» Task material

::::

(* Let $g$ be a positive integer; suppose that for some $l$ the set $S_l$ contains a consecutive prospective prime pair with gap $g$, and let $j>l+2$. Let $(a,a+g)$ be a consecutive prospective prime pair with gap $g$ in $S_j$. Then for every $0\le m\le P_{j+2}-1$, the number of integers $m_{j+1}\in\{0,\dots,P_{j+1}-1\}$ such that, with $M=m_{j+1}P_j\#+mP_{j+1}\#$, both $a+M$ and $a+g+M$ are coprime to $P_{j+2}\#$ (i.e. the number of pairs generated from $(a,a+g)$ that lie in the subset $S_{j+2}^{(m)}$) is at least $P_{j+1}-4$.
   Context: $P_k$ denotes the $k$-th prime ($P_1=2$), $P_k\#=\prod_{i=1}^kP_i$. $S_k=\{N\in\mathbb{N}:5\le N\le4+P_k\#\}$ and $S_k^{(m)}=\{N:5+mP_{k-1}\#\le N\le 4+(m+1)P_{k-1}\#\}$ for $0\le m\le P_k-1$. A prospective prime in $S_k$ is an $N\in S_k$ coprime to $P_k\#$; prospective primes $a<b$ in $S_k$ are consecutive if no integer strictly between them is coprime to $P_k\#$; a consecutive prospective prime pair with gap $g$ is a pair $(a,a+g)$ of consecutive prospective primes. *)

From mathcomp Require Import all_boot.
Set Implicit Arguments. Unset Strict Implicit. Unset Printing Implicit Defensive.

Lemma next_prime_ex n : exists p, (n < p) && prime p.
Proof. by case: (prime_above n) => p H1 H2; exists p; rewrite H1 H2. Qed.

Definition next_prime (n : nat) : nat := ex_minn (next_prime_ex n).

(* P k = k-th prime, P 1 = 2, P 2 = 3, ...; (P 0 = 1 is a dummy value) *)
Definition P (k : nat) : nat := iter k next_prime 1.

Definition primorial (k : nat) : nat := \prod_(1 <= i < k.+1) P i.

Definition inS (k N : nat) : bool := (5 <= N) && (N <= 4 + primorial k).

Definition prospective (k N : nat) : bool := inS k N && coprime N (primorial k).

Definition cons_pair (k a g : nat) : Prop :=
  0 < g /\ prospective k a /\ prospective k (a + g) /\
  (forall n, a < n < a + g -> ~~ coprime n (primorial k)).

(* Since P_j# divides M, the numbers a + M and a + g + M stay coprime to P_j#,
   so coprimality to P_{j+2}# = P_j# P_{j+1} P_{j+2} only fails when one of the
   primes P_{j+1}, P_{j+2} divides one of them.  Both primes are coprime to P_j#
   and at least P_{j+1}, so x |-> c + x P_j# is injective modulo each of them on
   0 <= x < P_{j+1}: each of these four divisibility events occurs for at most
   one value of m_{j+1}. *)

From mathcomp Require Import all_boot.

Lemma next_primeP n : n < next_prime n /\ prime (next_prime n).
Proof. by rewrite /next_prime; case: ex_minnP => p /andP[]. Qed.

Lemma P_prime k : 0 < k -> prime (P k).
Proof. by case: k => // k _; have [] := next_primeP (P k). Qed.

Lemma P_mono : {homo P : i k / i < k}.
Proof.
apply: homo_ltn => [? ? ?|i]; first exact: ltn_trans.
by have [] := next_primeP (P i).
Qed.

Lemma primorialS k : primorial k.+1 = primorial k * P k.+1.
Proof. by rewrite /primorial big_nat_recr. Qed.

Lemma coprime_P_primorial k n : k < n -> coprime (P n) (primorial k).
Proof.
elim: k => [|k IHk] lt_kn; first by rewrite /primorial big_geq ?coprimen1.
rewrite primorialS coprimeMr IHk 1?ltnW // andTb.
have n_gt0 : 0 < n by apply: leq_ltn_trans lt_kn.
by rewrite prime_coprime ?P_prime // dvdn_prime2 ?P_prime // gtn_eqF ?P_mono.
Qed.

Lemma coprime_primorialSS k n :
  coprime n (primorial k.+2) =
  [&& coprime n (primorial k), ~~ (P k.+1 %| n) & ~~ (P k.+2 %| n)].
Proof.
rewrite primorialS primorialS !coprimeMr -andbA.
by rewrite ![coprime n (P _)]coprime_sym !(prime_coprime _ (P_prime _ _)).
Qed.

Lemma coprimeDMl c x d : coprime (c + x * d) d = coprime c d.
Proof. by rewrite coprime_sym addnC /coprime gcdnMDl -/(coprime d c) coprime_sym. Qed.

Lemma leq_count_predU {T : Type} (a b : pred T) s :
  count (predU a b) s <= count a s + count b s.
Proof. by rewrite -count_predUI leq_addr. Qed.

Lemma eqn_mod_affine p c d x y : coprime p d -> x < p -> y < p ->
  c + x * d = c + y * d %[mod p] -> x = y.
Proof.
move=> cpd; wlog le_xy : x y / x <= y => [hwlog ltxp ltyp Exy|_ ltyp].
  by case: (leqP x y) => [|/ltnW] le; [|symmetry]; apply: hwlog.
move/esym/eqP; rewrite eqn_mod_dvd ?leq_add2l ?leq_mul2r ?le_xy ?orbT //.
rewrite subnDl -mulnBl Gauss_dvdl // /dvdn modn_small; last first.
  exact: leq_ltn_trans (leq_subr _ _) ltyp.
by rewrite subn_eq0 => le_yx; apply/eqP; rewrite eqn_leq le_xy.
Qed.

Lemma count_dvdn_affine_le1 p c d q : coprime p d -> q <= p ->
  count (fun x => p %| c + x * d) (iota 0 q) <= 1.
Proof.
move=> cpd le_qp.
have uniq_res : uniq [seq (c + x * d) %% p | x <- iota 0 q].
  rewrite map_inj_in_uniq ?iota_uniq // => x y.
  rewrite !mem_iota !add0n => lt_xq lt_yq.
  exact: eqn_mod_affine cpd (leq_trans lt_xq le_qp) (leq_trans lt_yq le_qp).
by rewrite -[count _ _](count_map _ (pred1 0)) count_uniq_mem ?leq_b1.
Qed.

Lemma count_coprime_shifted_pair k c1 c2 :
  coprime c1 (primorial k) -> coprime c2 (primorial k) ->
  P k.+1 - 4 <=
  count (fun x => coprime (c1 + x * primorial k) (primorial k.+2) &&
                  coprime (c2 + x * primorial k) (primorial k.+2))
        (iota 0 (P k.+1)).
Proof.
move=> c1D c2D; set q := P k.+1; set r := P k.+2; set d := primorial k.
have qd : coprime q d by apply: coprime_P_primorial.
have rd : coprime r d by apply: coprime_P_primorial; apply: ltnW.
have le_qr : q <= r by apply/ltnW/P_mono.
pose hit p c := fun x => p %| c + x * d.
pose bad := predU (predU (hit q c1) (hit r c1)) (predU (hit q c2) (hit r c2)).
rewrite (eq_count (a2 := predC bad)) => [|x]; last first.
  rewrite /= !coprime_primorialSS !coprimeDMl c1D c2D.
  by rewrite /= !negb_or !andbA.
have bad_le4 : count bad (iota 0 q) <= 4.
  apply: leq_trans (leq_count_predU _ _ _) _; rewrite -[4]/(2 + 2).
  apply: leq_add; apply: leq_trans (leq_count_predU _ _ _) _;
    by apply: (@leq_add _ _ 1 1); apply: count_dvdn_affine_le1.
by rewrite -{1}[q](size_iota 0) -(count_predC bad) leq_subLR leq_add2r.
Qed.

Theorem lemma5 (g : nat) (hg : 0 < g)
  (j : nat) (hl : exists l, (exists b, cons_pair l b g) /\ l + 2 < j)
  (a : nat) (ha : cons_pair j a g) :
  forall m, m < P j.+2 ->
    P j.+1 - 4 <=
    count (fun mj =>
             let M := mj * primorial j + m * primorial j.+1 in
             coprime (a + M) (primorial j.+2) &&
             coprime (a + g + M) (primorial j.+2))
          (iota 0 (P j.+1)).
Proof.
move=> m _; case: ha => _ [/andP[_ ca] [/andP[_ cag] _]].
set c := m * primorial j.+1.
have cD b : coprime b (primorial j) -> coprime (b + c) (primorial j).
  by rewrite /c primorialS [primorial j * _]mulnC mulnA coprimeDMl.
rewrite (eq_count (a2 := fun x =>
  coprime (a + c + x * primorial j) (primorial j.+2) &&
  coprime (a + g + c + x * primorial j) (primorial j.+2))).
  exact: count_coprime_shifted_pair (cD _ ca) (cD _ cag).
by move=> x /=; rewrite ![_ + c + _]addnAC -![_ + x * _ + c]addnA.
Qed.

::::

» Exercise
All that is wanted is the stretch of lines above from the one containing "Lemma coprimeDMl c" through the one containing "by case: (leqP", duplicated exactly.

» Your solution
Lemma coprimeDMl c x d : coprime (c + x * d) d = coprime c d.
Proof. by rewrite coprime_sym addnC /coprime gcdnMDl -/(coprime d c) coprime_sym. Qed.

Lemma leq_count_predU {T : Type} (a b : pred T) s :
  count (predU a b) s <= count a s + count b s.
Proof. by rewrite -count_predUI leq_addr. Qed.

Lemma eqn_mod_affine p c d x y : coprime p d -> x < p -> y < p ->
  c + x * d = c + y * d %[mod p] -> x = y.
Proof.
move=> cpd; wlog le_xy : x y / x <= y => [hwlog ltxp ltyp Exy|_ ltyp].
  by case: (leqP x y) => [|/ltnW] le; [|symmetry]; apply: hwlog.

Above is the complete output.